### Problem
State only how many lines in the listing contain the string "predicate".
#### Input material
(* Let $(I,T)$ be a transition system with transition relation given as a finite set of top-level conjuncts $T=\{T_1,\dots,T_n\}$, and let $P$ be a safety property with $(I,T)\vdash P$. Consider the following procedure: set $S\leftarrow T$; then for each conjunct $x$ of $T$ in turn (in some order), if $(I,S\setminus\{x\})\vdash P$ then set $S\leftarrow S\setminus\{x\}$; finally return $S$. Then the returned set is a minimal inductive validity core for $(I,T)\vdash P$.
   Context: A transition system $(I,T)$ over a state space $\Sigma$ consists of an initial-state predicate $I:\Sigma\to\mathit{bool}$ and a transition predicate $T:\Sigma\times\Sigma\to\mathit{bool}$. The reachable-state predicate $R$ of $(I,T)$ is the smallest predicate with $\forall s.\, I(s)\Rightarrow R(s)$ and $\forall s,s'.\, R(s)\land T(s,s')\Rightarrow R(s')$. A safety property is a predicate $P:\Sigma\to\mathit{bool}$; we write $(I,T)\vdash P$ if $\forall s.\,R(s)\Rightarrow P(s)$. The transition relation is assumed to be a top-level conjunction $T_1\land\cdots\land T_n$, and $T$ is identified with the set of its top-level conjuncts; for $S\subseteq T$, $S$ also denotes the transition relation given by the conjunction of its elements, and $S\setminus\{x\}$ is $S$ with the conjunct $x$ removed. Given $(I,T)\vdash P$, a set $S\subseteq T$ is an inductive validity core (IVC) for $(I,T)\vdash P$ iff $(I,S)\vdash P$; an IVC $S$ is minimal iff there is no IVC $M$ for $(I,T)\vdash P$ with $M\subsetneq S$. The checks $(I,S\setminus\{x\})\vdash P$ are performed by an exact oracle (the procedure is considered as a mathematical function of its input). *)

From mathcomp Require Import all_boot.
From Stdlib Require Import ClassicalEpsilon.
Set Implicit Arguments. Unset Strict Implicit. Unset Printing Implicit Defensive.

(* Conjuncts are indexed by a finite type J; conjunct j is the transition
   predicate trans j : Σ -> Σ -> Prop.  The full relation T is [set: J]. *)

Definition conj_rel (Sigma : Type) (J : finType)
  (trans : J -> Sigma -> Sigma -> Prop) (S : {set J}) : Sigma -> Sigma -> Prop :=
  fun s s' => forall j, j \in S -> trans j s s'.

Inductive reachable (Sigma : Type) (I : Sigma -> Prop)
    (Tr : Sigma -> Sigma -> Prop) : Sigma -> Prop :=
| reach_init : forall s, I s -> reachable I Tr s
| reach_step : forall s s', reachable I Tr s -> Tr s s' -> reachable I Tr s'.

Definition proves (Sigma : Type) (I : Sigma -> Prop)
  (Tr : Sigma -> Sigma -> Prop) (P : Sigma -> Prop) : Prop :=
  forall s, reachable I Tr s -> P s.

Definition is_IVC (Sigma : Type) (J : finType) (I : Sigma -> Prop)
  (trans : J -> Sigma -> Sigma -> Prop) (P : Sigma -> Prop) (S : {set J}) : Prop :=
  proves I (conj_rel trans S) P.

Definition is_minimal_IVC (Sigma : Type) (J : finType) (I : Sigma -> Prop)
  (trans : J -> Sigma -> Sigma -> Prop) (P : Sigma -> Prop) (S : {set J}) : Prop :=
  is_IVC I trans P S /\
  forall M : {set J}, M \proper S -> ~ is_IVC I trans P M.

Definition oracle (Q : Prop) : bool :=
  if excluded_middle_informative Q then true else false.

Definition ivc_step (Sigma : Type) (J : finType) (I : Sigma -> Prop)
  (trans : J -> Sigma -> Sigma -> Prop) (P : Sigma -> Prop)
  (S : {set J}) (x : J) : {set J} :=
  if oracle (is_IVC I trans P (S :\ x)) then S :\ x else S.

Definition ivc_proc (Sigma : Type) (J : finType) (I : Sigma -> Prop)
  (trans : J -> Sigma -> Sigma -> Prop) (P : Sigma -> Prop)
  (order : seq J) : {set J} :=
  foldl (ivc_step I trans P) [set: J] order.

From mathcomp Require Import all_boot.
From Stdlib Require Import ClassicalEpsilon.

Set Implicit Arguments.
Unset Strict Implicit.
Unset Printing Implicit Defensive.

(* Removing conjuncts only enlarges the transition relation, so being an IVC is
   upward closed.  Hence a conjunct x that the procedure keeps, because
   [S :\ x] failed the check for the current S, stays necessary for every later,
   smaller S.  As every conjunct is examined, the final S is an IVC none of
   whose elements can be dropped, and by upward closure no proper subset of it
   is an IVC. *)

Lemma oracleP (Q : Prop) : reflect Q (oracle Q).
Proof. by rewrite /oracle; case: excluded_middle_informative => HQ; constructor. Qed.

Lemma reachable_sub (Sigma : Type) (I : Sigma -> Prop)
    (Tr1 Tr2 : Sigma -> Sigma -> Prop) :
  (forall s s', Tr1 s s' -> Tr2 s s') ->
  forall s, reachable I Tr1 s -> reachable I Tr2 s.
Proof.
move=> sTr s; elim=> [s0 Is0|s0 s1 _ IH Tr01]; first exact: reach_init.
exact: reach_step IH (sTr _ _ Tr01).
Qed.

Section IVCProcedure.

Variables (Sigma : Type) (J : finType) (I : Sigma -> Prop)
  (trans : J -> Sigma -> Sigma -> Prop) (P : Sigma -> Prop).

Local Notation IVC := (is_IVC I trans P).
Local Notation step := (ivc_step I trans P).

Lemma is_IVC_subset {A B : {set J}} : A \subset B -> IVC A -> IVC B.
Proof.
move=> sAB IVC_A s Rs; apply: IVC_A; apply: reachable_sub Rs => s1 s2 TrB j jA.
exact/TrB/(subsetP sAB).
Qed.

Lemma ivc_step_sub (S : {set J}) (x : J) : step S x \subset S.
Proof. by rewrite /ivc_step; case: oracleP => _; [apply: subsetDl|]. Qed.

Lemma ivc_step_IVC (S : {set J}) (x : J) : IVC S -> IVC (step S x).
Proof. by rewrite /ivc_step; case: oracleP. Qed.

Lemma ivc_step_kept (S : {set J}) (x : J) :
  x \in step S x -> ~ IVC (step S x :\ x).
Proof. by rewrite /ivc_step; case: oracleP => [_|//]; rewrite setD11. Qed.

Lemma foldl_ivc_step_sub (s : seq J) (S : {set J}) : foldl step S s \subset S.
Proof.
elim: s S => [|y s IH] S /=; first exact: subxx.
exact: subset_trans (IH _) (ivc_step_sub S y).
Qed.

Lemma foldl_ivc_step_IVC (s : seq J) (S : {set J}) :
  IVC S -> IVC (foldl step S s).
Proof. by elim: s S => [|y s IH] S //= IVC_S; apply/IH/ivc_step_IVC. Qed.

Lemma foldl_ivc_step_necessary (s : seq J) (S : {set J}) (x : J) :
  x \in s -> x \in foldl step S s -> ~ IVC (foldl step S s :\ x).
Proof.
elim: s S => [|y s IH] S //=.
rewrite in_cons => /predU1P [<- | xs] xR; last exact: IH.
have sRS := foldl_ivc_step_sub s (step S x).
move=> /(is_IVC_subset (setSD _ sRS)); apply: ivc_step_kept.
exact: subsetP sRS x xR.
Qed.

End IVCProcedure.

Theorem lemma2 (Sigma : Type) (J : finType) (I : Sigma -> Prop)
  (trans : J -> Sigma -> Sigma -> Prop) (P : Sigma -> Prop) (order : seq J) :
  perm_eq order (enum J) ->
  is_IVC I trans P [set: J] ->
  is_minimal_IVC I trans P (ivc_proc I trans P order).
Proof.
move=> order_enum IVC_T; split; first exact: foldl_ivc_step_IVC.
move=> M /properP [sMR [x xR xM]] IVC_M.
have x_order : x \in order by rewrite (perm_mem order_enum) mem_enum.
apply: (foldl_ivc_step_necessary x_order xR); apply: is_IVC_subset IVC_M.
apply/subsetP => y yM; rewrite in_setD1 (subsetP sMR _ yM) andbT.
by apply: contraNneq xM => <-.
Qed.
########
### Solution for this task
2